С целью выяснения этого вопроса Л. С. Славина провела первую серию своих экспериментов. Она решила попытаться изъять из такой игры все те игрушки, которые могли наталкивать детей на определенные сюжеты и связанные с ними роли. Были отобраны дети, содержанием игры которых являлись описанные действия и которые тем не менее говорили об игровой роли и сюжете. После того как такая игра развертывалась, убирались все сюжетные игрушки (куклы, кухонная плита, посуда и т. д.) и оставлялись только те, с которыми они фактически производили действия. Это были кубики и колесики (в большом количестве) и/или 2 ведерка и 3 большие тарелки, или, для других детей, 6—8 маленьких тарелок.
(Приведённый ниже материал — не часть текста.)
Lemma SS_le theta : 0 <= theta -> SS a b beta Cs Cz m theta <= u ^ 3 * exp (theta * t) * s.
Proof.
  intros Htheta. unfold SS.
  apply Rle_trans with (INR m * (4 ^ m * exp (theta * t) * s)).
  - apply sumR_le_mul. intros k Hk. apply Rmult_le_compat.
    + apply Rmult_le_pos; [apply pow_le; lra | left; apply exp_pos].
    + apply Rpower_rr_nonneg.
    + apply Rmult_le_compat; [apply pow_le; lra | left; apply exp_pos | |].
      * apply Rle_pow; [lra | lia].
      * rewrite Rpower_ell by exact Ha. apply exp_le_compat.
        assert (B ^ k <= u) by (apply Rle_pow; [lra | lia]).
        assert (0 <= theta * (L * (u - B ^ k))) by (apply Rmult_le_pos; nra). lra.
    + apply Rpower_rr_le. lra.
  - pose proof (INR_mul_pow4_le m B Hb). pose proof sqrt_K_ge_1.
    pose proof (exp_pos (theta * t)).
    replace (INR m * (4 ^ m * exp (theta * t) * s))
      with (INR m * 4 ^ m * (exp (theta * t) * s)) by ring.
    replace (u ^ 3 * exp (theta * t) * s) with (u ^ 3 * (exp (theta * t) * s)) by ring.
    apply Rmult_le_compat_r; [nra | assumption].
Qed.

Lemma SS_zero_le : SS a b beta Cs Cz m 0 <= u ^ 3 * s.
Proof.
  pose proof (SS_le 0 (Rle_refl 0)) as H. rewrite Rmult_0_l, exp_0, Rmult_1_r in H. exact H.
Qed.

Lemma SS_mul_SS_le theta : 0 <= theta ->
  SS a b beta Cs Cz m theta * SS a b beta Cs Cz m 0 <= u ^ 6 * exp (theta * t) * K.
Proof.
  intros Htheta. pose proof (SS_le theta Htheta). pose proof SS_zero_le.
  pose proof (SS_nonneg m theta). pose proof (SS_nonneg m 0).
  apply Rle_trans with (u ^ 3 * exp (theta * t) * s * (u ^ 3 * s)).
  - apply Rmult_le_compat; lra.
  - right. rewrite <- sqrt_K_sqr at 3. ring.
Qed.
Lemma rank_mod0 U : rank_mod U 0 = 0%N.
Proof. by rewrite /rank_mod add0v subnn. Qed.

Lemma rank_mod_cap U V : rank_mod U V = (\dim V - \dim (V :&: U))%N.
Proof. by have := dimv_sum_cap V U; rewrite /rank_mod; lia. Qed.

Lemma rank_mod_eq0 U V : (rank_mod U V == 0%N) = (V <= U)%VS.
Proof.
rewrite subn_eq0 (geq_leqif (dimv_leqif_sup (addvSr V U))).
by rewrite subv_add subvv andbT.
Qed.

End RankModulo.

Section RankModuloLinear.
Variables (F : fieldType) (vT rT : vectType F) (f : 'Hom(vT, rT)).
Implicit Types (U V : {vspace vT}).

Lemma rank_mod_lker V : rank_mod (lker f) V = \dim (f @: V).
Proof. by rewrite rank_mod_cap -(limg_ker_dim f V) addKn. Qed.

Lemma rank_mod_limg U V :
  lker f = 0%VS -> rank_mod (f @: U) (f @: V) = rank_mod U V.
Proof.
by move=> f_inj; rewrite /rank_mod -limgD !limg_dim_eq // f_inj capv0.
Qed.

End RankModuloLinear.

Section RankModuloQMatroid.
Variables (F : finFieldType) (E : vectType F).
Variables (C : {vspace E}) (r : {vspace E} -> nat).
Hypothesis rE : r =1 rank_mod C.

Lemma qcl0_rank_mod : qcl r 0%VS = C.
Proof.
have loop x : (r (0 + <[x]>)%VS == r 0%VS) = (x \in C).
  by rewrite !rE add0v rank_mod0 rank_mod_eq0.
apply/eqP; rewrite eqEsubv; apply/andP; split.
  by apply/subv_sumP => x; rewrite loop.
apply/subvP => x xC; rewrite memvE.
by apply: (sumv_sup (x : finvect_type E)); rewrite ?loop.
Qed.

Lemma qflat_rank_mod_sup V : qflat r V -> (C <= V)%VS.
Proof.
move=> flatV; apply/subvP => x xC; apply/negPn/negP => xV.
by have := flatV x xV; rewrite !rE /rank_mod -addvA (addv_idPr xC) ltnn.
Qed.

Lemma qcyclic_rank_mod_sub V : (C <= V)%VS -> qcyclic r V -> (V <= C)%VS.
Proof.
move=> CV cycV; apply/subvP => x xV; apply/negPn/negP => xC.
(* [C + D] is a hyperplane of [V] containing [C] but not [x]. *)
pose D := (V :\: (C + <[x]>))%VS.
have CxV : (C + <[x]> <= V)%VS by rewrite subv_add CV -memvE.
have CDV : (C + D <= V)%VS by rewrite subv_add CV diffvSl.
have CDxV : (C + D + <[x]> = V)%VS.
  by rewrite [(C + D)%VS]addvC -addvA addv_diff (addv_idPl CxV).
have CD0 : (C :&: D = 0)%VS.
  apply/eqP; rewrite -subv0 -(capv_diff V (C + <[x]>)) capvC.
  by rewrite capvS ?addvSl.
have := (cycV x xV).2 _ CDV CDxV.
rewrite !rE /rank_mod (addv_idPl CV) (addv_idPl (addvSl C D)).
rewrite dimv_disjoint_sum //; have := dimv_cap_compl V (C + <[x]>).
by rewrite (capv_idPr CxV) dim_addv_line // -/D; lia.
Qed.

Lemma qcyclic_flat_rank_mod V : qcyclic_flat r V <-> V = C.
Proof.
have rC0 : r C = 0%N by apply/eqP; rewrite rE rank_mod_eq0.
split=> [[flatV cycV] | ->].
  have CV := qflat_rank_mod_sup flatV.
  by apply/eqP; rewrite eqEsubv CV qcyclic_rank_mod_sub.
split=> [x xC | x xC].
  by rewrite rC0 rE lt0n rank_mod_eq0 subv_add subvv.
by split=> // W WC _; rewrite rC0; apply/eqP; rewrite rE rank_mod_eq0.
Qed.

End RankModuloQMatroid.

Section QMatroidRank.
Variables (F : finFieldType) (E : vectType F) (r : {vspace E} -> nat).
Hypothesis Hr : qmatroid r.
Implicit Types (C V W Z : {vspace E}).

Lemma qrank_le_dim V : (r V <= \dim V)%N. Proof. by case: Hr. Qed.

Lemma qrankS V W : (V <= W)%VS -> (r V <= r W)%N.
Proof. by case: Hr => _ + _; apply. Qed.

Lemma qrank_submod V W : (r (V + W)%VS + r (V :&: W)%VS <= r V + r W)%N.
Proof. by case: Hr. Qed.

Lemma qrank0 : r 0%VS = 0%N.
Proof. by have := qrank_le_dim 0%VS; rewrite dimv0 leqn0 => /eqP. Qed.

Lemma qrank_sup V W : (V <= W)%VS -> (r W <= r V + (\dim W - \dim V))%N.
Proof.
move=> VW; have := qrank_submod V (W :\: V).
rewrite addvC addv_diff (addv_idPl VW); have := qrank_le_dim (W :\: V).
by have := dimv_cap_compl W V; rewrite (capv_idPr VW); lia.
Qed.

Lemma qrank_qcl0 : r (qcl r 0%VS) = 0%N.
Proof.
apply: (big_ind (fun U => r U = 0%N)) => [|U W rU rW|x /eqP].
- exact: qrank0.
- by have := qrank_submod U W; rewrite rU rW; lia.
- by rewrite add0v qrank0.
Qed.

Lemma qrank_le_rank_mod C V : r C = 0%N -> (r V <= rank_mod C V)%N.
Proof.
move=> rC0; apply: leq_trans (qrankS (addvSl V C)) _.
by have := qrank_sup (addvSr V C); rewrite rC0.
Qed.

Definition qnullity V : nat := (\dim V - r V)%N.

Lemma qnullityS V W : (V <= W)%VS -> (qnullity V <= qnullity W)%N.
Proof.
move=> VW; have := qrank_sup VW; have := dimvS VW; have := qrank_le_dim V.
rewrite /qnullity; lia.
Qed.

Lemma qflat_max_nullity Z : qnullity Z = qnullity fullv -> qflat r Z.
Proof.
move=> nullZ x xZ; rewrite ltnNge; apply/negP => rZx.
have := qnullityS (subvf (Z + <[x]>)).
by rewrite -nullZ /qnullity dim_addv_line //; have := qrank_le_dim Z; lia.
Qed.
Так как полученные при этом результаты чрезвычайно поучительны, приводим полностью протокол одного такого эксперимента.
«Лида (4; 1). В начале эксперимента в распоряжение девочки предоставлены все игрушки. Лида сразу, не обращая внимания на остальные игрушки, начинает перекладывать кубики из ведерышка в большую тарелку.
Эксп. Ты кто?
Лида. Я — тетя Надя.
Эксп. Что ты делаешь?
Лида. Обед готовлю. (Играет так 20 минут.)
Эксп. Куклы сломались, диванчик тоже, надо их починить.
(Уносит все игрушки, кроме ведерышек, кубиков и больших тарелок, которыми фактически занят ребенок, в другую комнату. Лида продолжает играть по-прежнему.)
Эксп. Ты во что играешь?
Лида. В детский сад.
Эксп. Что ты делаешь?
Лида. Обед готовлю.
Эксп. Кому?
Лида. Куклам.
Эксп. А ведь кукол больше нет!
Лида. Они в той комнате.
Эксп. Нет, они сломались, их надо чинить, теперь не для кого обед готовить. Ты больше не готовь обед, его некому кушать. Ты теперь не можешь играть в детский сад. Смотри, кукол нет, мебели и посуды тоже нет. Играй просто в кубики. (Лида продолжает по-прежнему перекладывать кубики из тарелочки в ведерышко и обратно.)
Через несколько минут экспериментатор опять спрашивает: "Ты во что играешь?"
Лида. В детский сад.
Эксп. Что ты делаешь?
Лида. Обед готовлю.
Эксп. Кому?
Лида. Ребятам (указывает в окно). Они гуляют.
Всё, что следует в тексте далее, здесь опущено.